→ PROBLEM REQUIREMENTS:
In the entries below, which lines run from the one containing "by under eq_bigr do rewrite mxE." to the one containing "have xE : [ffun"? Copy exactly those lines, ends included, and no others.

→ SUPPLIED DATA:
Lemma xgrad_mul f g x A B : xgrad f x A -> xgrad g x B ->
  xgrad (fun y => f y * g y) x (fun i => A i * g x + f x * B i).
Proof.
  intros [df Hf] [dg Hg]; exists (fun i => df i * g x + f x * dg i); intros i.
  destruct (Hf i) as [Df ->], (Hg i) as [Dg ->]; split.
  - pose proof (derivable_pt_lim_mult _ _ _ _ _ Df Dg) as D.
    unfold mult_fct in D; cbv beta in D; rewrite upd_same in D; exact D.
  - ring.
Qed.

Lemma xgrad_div f g x A B : g x <> 0 -> xgrad f x A -> xgrad g x B ->
  xgrad (fun y => f y / g y) x (fun i => (A i * g x - f x * B i) / (g x * g x)).
Proof.
  intros Hg0 [df Hf] [dg Hg].
  exists (fun i => (df i * g x - dg i * f x) / (g x * g x)); intros i.
  destruct (Hf i) as [Df ->], (Hg i) as [Dg ->]; split.
  - assert (Hg0' : (fun t => g (upd x i t)) (x i) <> 0)
      by (cbv beta; rewrite upd_same; exact Hg0).
    pose proof (derivable_pt_lim_div _ _ _ _ _ Df Dg Hg0') as D.
    unfold div_fct, Rsqr in D; cbv beta in D; rewrite upd_same in D; exact D.
  - field; exact Hg0.
Qed.

Lemma xgrad_prod c h x :
  xgrad (fun y => prod1 c (fun j => y (h j))) x
        (fun i => prod1 c (fun j => x (h j)) * occ c h i).
Proof.
  induction c as [|c IH]; cbn [prod1].
  - eapply xgrad_eq; [|apply xgrad_const]; intros i; unfold occ; cbn [sum1]; ring.
  - eapply xgrad_eq; [|exact (xgrad_mul _ _ _ _ _ IH (xgrad_coord (h (S c)) x))].
    intros i; unfold occ; cbn [sum1]; ring.
Qed.

Lemma xgrad_ratio c hN hD x : prod1 c (fun j => x (hD j)) <> 0 ->
  xgrad (fun y => prod1 c (fun j => y (hN j)) / prod1 c (fun j => y (hD j))) x
        (fun i => prod1 c (fun j => x (hN j)) / prod1 c (fun j => x (hD j))
                  * (occ c hN i - occ c hD i)).
Proof.
  intros HD.
  eapply xgrad_eq;
    [|exact (xgrad_div _ (fun y => prod1 c (fun j => y (hD j))) x _ _ HD
               (xgrad_prod c hN x) (xgrad_prod c hD x))].
  intros i; cbv beta; field; exact HD.
Qed.

Lemma xgrad_v a p x : xgrad (v a p) x (alpha a p x).
Proof.
  induction p as [|p IH].
  - eapply xgrad_eq; [|apply (xgrad_const 0)]; reflexivity.
  - pose proof (xgrad_add _ _ _ _ _ IH
                  (xgrad_mul _ _ _ _ _ (xgrad_const (a (S p)) x) (xgrad_coord (S p) x))) as D.
    eapply xgrad_eq; [|exact D]; intros i; unfold alpha; cbn [sum1]; ring.
Qed.

Lemma xgrad_J k x : denJ k x <> 0 ->
  xgrad (J k) x (fun i => - J k x * pair_vec 0 k i).
Proof.
  intros HD.
  eapply xgrad_eq; [|exact (xgrad_ratio k (fun m => 2 * m - 1)%nat (fun m => 2 * m)%nat x HD)].
  intros i; unfold pair_vec, J, numJ, denJ.
  change (fun j => 0 + 2 * j)%nat with (fun j => 2 * j)%nat.
  change (fun j => 0 + 2 * j - 1)%nat with (fun j => 2 * j - 1)%nat; ring.
Qed.

Definition pair_ratio (p c : nat) (y : nat -> R) : R :=
  prod1 c (fun j => y (p + 2 * j)%nat) / prod1 c (fun j => y (p + 2 * j - 1)%nat).

Lemma xgrad_v_pair_ratio a p c x : prod1 c (fun j => x (p + 2 * j - 1)%nat) <> 0 ->
  xgrad (fun y => v a p y * pair_ratio p c y) x
        (fun i => pair_ratio p c x * F_vec a p c x i).
Proof.
  intros HD.
  eapply xgrad_eq; [|exact (xgrad_mul _ _ _ _ _ (xgrad_v a p x) (xgrad_ratio c _ _ x HD))].
  intros i; unfold F_vec, pair_vec, pair_ratio; ring.
Qed.

Lemma div2_double_plus m r : (r <= 1)%nat -> ((2 * m + r) / 2 = m)%nat.
Proof. intros Hr; symmetry; apply Nat.div_unique with r; lia. Qed.

Lemma F_pair_form n a k : (1 <= k <= n / 2)%nat ->
  exists p c, (p + 2 * c = n)%nat /\
    (forall y, F n a k y = v a p y * pair_ratio p c y) /\
    (forall y, denF n k y = prod1 c (fun j => y (p + 2 * j - 1)%nat)).
Proof.
  intros Hk; unfold F, numF, denF, pair_ratio.
  destruct (Nat.odd n) eqn:Hodd.
  - destruct (proj1 (Nat.odd_spec n) Hodd) as [m ->].
    rewrite div2_double_plus in Hk by lia.
    replace ((2 * m + 1 + 1) / 2)%nat with (S m)
      by (replace (2 * m + 1 + 1)%nat with (2 * S m + 0)%nat by lia;
          symmetry; apply div2_double_plus; lia).
    exists (2 * k - 1)%nat, (S m - k)%nat; split; [lia|split]; intros y.
    + rewrite (prod1_ext _ (fun j => y (2 * k + 2 * j - 1)%nat)
                 (fun j => y (2 * k - 1 + 2 * j)%nat)) by (intros; f_equal; lia).
      rewrite (prod1_ext _ (fun j => y (2 * k + 2 * j - 2)%nat)
                 (fun j => y (2 * k - 1 + 2 * j - 1)%nat)) by (intros; f_equal; lia).
      unfold Rdiv; ring.
    + apply prod1_ext; intros; f_equal; lia.
  - assert (Hn : exists m, n = (2 * m)%nat).
    { apply Nat.even_spec; rewrite <- Nat.negb_odd, Hodd; reflexivity. }
    destruct Hn as [m ->].
    assert (Hm : (2 * m / 2 = m)%nat) by (rewrite Nat.mul_comm; apply Nat.div_mul; lia).
    exists (2 * k)%nat, (2 * m / 2 - k)%nat; split; [lia|split]; intros y; [|reflexivity].
    unfold Rdiv; ring.
Qed.

Lemma Cas_as_J n m : n = (2 * m + 1)%nat ->
  (forall y, Cas n y = y n * J m y) /\ (forall y, denC n y = denJ m y).
Proof.
  intros ->; unfold Cas, numC, denC, J, numJ, denJ.
  replace ((2 * m + 1 + 1) / 2)%nat with (S m)
    by (replace (2 * m + 1 + 1)%nat with (2 * S m + 0)%nat by lia;
        symmetry; apply div2_double_plus; lia).
  replace ((2 * m + 1 - 1) / 2)%nat with m
    by (replace (2 * m + 1 - 1)%nat with (2 * m + 0)%nat by lia;
        symmetry; apply div2_double_plus; lia).
  split; intros y; [|reflexivity]; cbn [prod1].
  replace (2 * S m - 1)%nat with (2 * m + 1)%nat by lia; unfold Rdiv; ring.
Qed.

Lemma PB_J_J n k l x :
  (1 <= k <= n / 2)%nat -> (1 <= l <= n / 2)%nat ->
  denJ k x <> 0 -> denJ l x <> 0 -> PB n (J k) (J l) x 0.
Proof.
  intros Hk Hl Dk Dl.
  apply (PB_of_xgrad n _ _ x _ _ _ (xgrad_J k x Dk) (xgrad_J l x Dl)).
  pose proof (Nat.Div0.mul_div_le n 2).
  rewrite skew_scal_l, skew_scal_r, skew_pair_vec_l by lia.
  rewrite !sum1_pair_vec by (intros; lia); ring.
Qed.

Lemma PB_F_F n a k l x :
  (1 <= k <= n / 2)%nat -> (1 <= l <= n / 2)%nat ->
  denF n k x <> 0 -> denF n l x <> 0 -> PB n (F n a k) (F n a l) x 0.
Proof.
  intros Hk Hl Dk Dl.
  destruct (F_pair_form n a k Hk) as (p & c & Hp & EFk & EDk).
  destruct (F_pair_form n a l Hl) as (q & c' & Hq & EFl & EDl).
  rewrite EDk in Dk; rewrite EDl in Dl.
  apply (PB_of_xgrad n _ _ x _ _ _ (xgrad_ext _ _ _ _ EFk (xgrad_v_pair_ratio a p c x Dk))
                                   (xgrad_ext _ _ _ _ EFl (xgrad_v_pair_ratio a q c' x Dl))).
  rewrite skew_scal_l, skew_scal_r.
  destruct (Nat.le_ge_cases p q).
  - rewrite skew_F_vec by assumption; ring.
  - rewrite skew_anti, skew_F_vec by assumption; ring.
Qed.
Theorem lemma7 (R : realFieldType) (n f : nat) (wt : nat -> 'I_n -> R)
    (g : nat -> gstate R n) (l : nat -> label) (c t0 t : nat) :
  (2 * f + 1 <= n)%N ->
  weights_ok f wt ->
  g 0%N = init R n ->
  (forall u, (u <= t)%N -> step wt f (g u) (l u) (g u.+1)) ->
  l t0 = LStart c -> (t0 < t)%N ->
  (forall u, (t0 < u < t)%N -> l u <> LStart c) ->
  l t = LFinish c ->
  exists t', (t0 < t' <= t)%N /\ lastview (g t') = c_cview (cli (g t) c).
Proof.
(* 2f+1 <= n is needed for liveness only. *)
move=> _ wt_ok g0 steps start t0_lt_t no_restart finish.
have wt_ge0 := weights_ok_ge0 wt_ok.
have inv : forall u, u <= t.+1 -> invariant wt (g u) := trace_invariant wt_ge0 g0 steps.
set v0 := c_cview (cli (g t0.+1) c).
pose U i := uninstalled (srv (g t0.+1) i) v0.
have [_ _ client_t] : attempt_inv wt c (c_next (cli (g t0) c)) v0 U (g t).
  apply: (@interval_ind (fun u => attempt_inv wt c _ v0 U (g u)) t0.+1) => //
    [|u /andP [t0_lt_u u_lt_t]].
    have start_step := steps t0 (ltnW t0_lt_t); rewrite start in start_step.
    by apply: (attempt_inv_start wt_ge0 (inv t0 _) start_step) => //; lia.
  apply: attempt_inv_step; [exact: wt_ge0 | apply: inv; lia | apply: steps; lia |].
  by apply: no_restart; lia.
exists t0.+1; split; first lia.
have [-> _ _] := client_t.
apply: (finished_attempt_lastview wt_ge0 wt_ok.2 (inv _ (leqW t0_lt_t)) _ erefl client_t) => //.
have := steps t (leqnn t); rewrite finish => /step_cli/(_ c).
by case=> [[_ _ []] // | /cli_move_finish]; apply.
Qed.
Lemma conform_shift_cases (s : nat) (u v : int) :
  conform v u -> conform (u - s.+2%:Z * v) u ->
  [\/ v = 0, 0 < v /\ s%:Z < u - v | v < 0 /\ u - v < - s%:Z].
Proof.
rewrite /conform; case: (ltgtP 0 u) => [u_gt0|u_lt0|<-]; last by move/eqP; constructor 1.
- by move=> v_ge0 h; case: (ltgtP v 0) => *; [lia|constructor 2; nia|constructor 1].
- by move=> v_le0 h; case: (ltgtP v 0) => *; [constructor 3; nia|lia|constructor 1].
Qed.

Lemma conform_shift_absz (s : nat) (u v : int) :
  conform v u -> conform (u - s.+2%:Z * v) u ->
  (`|u - v| <= `|u|)%N /\ (v != 0 -> (`|u - v| < `|u|)%N).
Proof.
move=> vu shift; case: (conform_shift_cases vu shift) => [->|[]|[]] *.
- by rewrite subr0 eqxx.
- by split=> *; lia.
- by split=> *; lia.
Qed.

Section ConformalStep.
Variables (d s : nat).
Implicit Types x r : zvec d.

Definition conformal_step x r := forall a : zvec d, (forall j, `|a j| <= s)%N ->
  conform (dotz a r) (dotz a x) /\ conform (dotz a x - s.+2%:Z * dotz a r) (dotz a x).

Lemma conformal_step_agree x r : conformal_step x r -> atoms_agree s (x - r) x.
Proof.
move=> step a c /atom_norm_le [/step [rx rx_shift] c_bound].
rewrite dotzB; case: (conform_shift_cases rx rx_shift) => [->|[]|[]] *.
- by rewrite subr0.
- by split; [apply/eqP/eqP|apply/idP/idP]; lia.
- by split; [apply/eqP/eqP|apply/idP/idP]; lia.
Qed.

Lemma conformal_step_shrink x r : (0 < s)%N -> r != 0 -> conformal_step x r ->
  (norm1 (x - r)%R < norm1 x)%N.
Proof.
move=> s_gt0 r0 step.
have coord j : (`|(x - r)%R j| <= `|x j|)%N /\ (r j != 0 -> (`|(x - r)%R j| < `|x j|)%N).
  have unit_bound k : (`|([ffun k' => (j == k')%:R] : zvec d) k| <= s)%N.
    by rewrite ffunE; case: (j == k).
  have [] := step _ unit_bound; rewrite !dotz_unit => rx rx_shift.
  by rewrite !ffunE; apply: conform_shift_absz rx rx_shift.
have [j rj] : exists j, r j != 0.
  apply/existsP; apply: contraR r0 => /existsPn r0.
  by apply/eqP/ffunP => j; rewrite ffunE; apply/eqP/negPn/r0.
rewrite /norm1 (bigD1 j) //= [X in (_ < X)%N](bigD1 j) //= -addSn.
by rewrite leq_add ?((coord j).2 rj) // leq_sum // => k _; apply: (coord k).1.
Qed.

End ConformalStep.

Lemma exists_conformal_step n s (x : zvec n.+1) : (0 < s)%N ->
  (2 ^ n.+1 * s.+2 * ((n.+1)`! * s ^ n) < norm1 x)%N ->
  exists2 r : zvec n.+1, r != 0 & conformal_step s x r.
Proof.
move=> s_gt0 x_big; pose X : 'rV[rat]_n.+1 := map_mx intr (\row_j x j).
have X_big : 2 ^+ n.+1 * s.+2%:R * ((n.+1)`! * s ^ n)%:R < l1 X.
  rewrite l1_intr -natrX -!natrM ltr_nat.
  by under eq_bigr do rewrite mxE.
have [r [r0 rC XrC]] :=
  cone_int_step (@coef_mx_bound n.+1 s) (coef_mx_unit s_gt0) (ltr0Sn _ _) X_big.
exists [ffun j => r 0 j].
  apply: contraNneq r0 => /ffunP r0; apply/eqP/rowP => j.
  by move: (r0 j); rewrite !ffunE mxE.
move=> a /coef_mx_onto [i ai].
have lformE (v : 'rV[int]_n.+1) :
    lform (coef_mx n.+1 s) i (map_mx intr v) = (dotz a [ffun j => v 0 j])%:~R.
  by rewrite lform_intr; congr _%:~R; apply: eq_bigr => j _; rewrite ai ffunE.
have xE : [ffun j => (\row_j x j) 0 j] = x by apply/ffunP => j; rewrite !ffunE mxE.
have := XrC i; have := rC i; rewrite lformB lformZ !lformE xE.
have -> : (s.+2%:R : rat) = (s.+2%:Z)%:~R by [].
by rewrite -intrM -intrB !conform_int.
Qed.

Lemma small_solution n (S : lsys n.+1) (x : zvec n.+1) : (0 < lsys_norm S)%N -> sat S x ->
  exists y : zvec n.+1, sat S y /\
    (norm1 y <= 2 ^ n.+1 * (lsys_norm S).+2 * ((n.+1)`! * lsys_norm S ^ n))%N.
Proof.
move=> s_gt0; have [k] := ubnP (norm1 x); elim: k x => // k IH x x_lt Sx.
case: (leqP (norm1 x) (2 ^ n.+1 * (lsys_norm S).+2 * ((n.+1)`! * lsys_norm S ^ n)))
  => [|x_big]; first by exists x.
have [r r0 step] := exists_conformal_step s_gt0 x_big.
apply: (IH (x - r)); first exact: leq_trans (conformal_step_shrink s_gt0 r0 step) x_lt.
by rewrite (sat_agree (leqnn _) (conformal_step_agree step)).
Qed.

Lemma leq_expn2r e m n : (m <= n)%N -> (m ^ e <= n ^ e)%N.
Proof. by move=> mn; elim: e => // e IH; rewrite !expnS leq_mul. Qed.

Lemma fact_leq_expn n : ((n.+1)`! <= n.+1 ^ n)%N.
Proof.
elim: n => // n IH; rewrite factS expnS leq_mul //.
exact: leq_trans IH (leq_expn2r _ (leqnSn _)).
Qed.

Lemma threshold_le n s :
  (2 ^ n.+1 * s.+2 * ((n.+1)`! * s ^ n) <= (2 + n.+1 + n.+1 * s) ^ (2 * n.+1 + 1))%N.
Proof.
set N := (2 + n.+1 + n.+1 * s)%N.
have two_le : (2 ^ n.+1 <= N ^ n.+1)%N by apply: leq_expn2r; lia.
have s_le : (s.+2 <= N)%N by nia.
have fact_le : ((n.+1)`! * s ^ n <= N ^ n)%N.
  apply: leq_trans (_ : n.+1 ^ n * s ^ n <= N ^ n)%N.
    by rewrite leq_mul2r fact_leq_expn orbT.
  by rewrite -expnMn; apply: leq_expn2r; lia.
apply: leq_trans (_ : N ^ n.+1 * N * N ^ n <= _)%N; first by rewrite !leq_mul.
have -> : (N ^ n.+1 * N * N ^ n = N ^ (2 * n.+1))%N.
  by rewrite -expnSr -expnD; congr (expn _ _); lia.
by rewrite expnD expn1 leq_pmulr.
Qed.

Theorem lemma22 (d : nat) (S : lsys d) :
  (exists x : zvec d, sat S x) ->
  exists x : zvec d, sat S x /\
    (norm1 x <= (2 + d + d * lsys_norm S) ^ (2 * d + 1))%N.
Proof.
case=> x Sx; case: d S x Sx => [|n] S x Sx.
  by exists x; rewrite /norm1 big_ord0.
have [s0|s_gt0] := posnP (lsys_norm S).
  exists 0; split; last by rewrite /norm1 big1 // => j _; rewrite ffunE.
  by rewrite (sat_agree (s := 0) (y := x) _ (atoms_agree0 _ _)) ?s0.
have [y [Sy y_le]] := small_solution s_gt0 Sx.
by exists y; split=> //; apply: leq_trans y_le (threshold_le _ _).
Qed.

→ RESPONSE AREA:
  by under eq_bigr do rewrite mxE.
have [r [r0 rC XrC]] :=
  cone_int_step (@coef_mx_bound n.+1 s) (coef_mx_unit s_gt0) (ltr0Sn _ _) X_big.
exists [ffun j => r 0 j].
  apply: contraNneq r0 => /ffunP r0; apply/eqP/rowP => j.
  by move: (r0 j); rewrite !ffunE mxE.
move=> a /coef_mx_onto [i ai].
have lformE (v : 'rV[int]_n.+1) :
    lform (coef_mx n.+1 s) i (map_mx intr v) = (dotz a [ffun j => v 0 j])%:~R.
  by rewrite lform_intr; congr _%:~R; apply: eq_bigr => j _; rewrite ai ffunE.
have xE : [ffun j => (\row_j x j) 0 j] = x by apply/ffunP => j; rewrite !ffunE mxE.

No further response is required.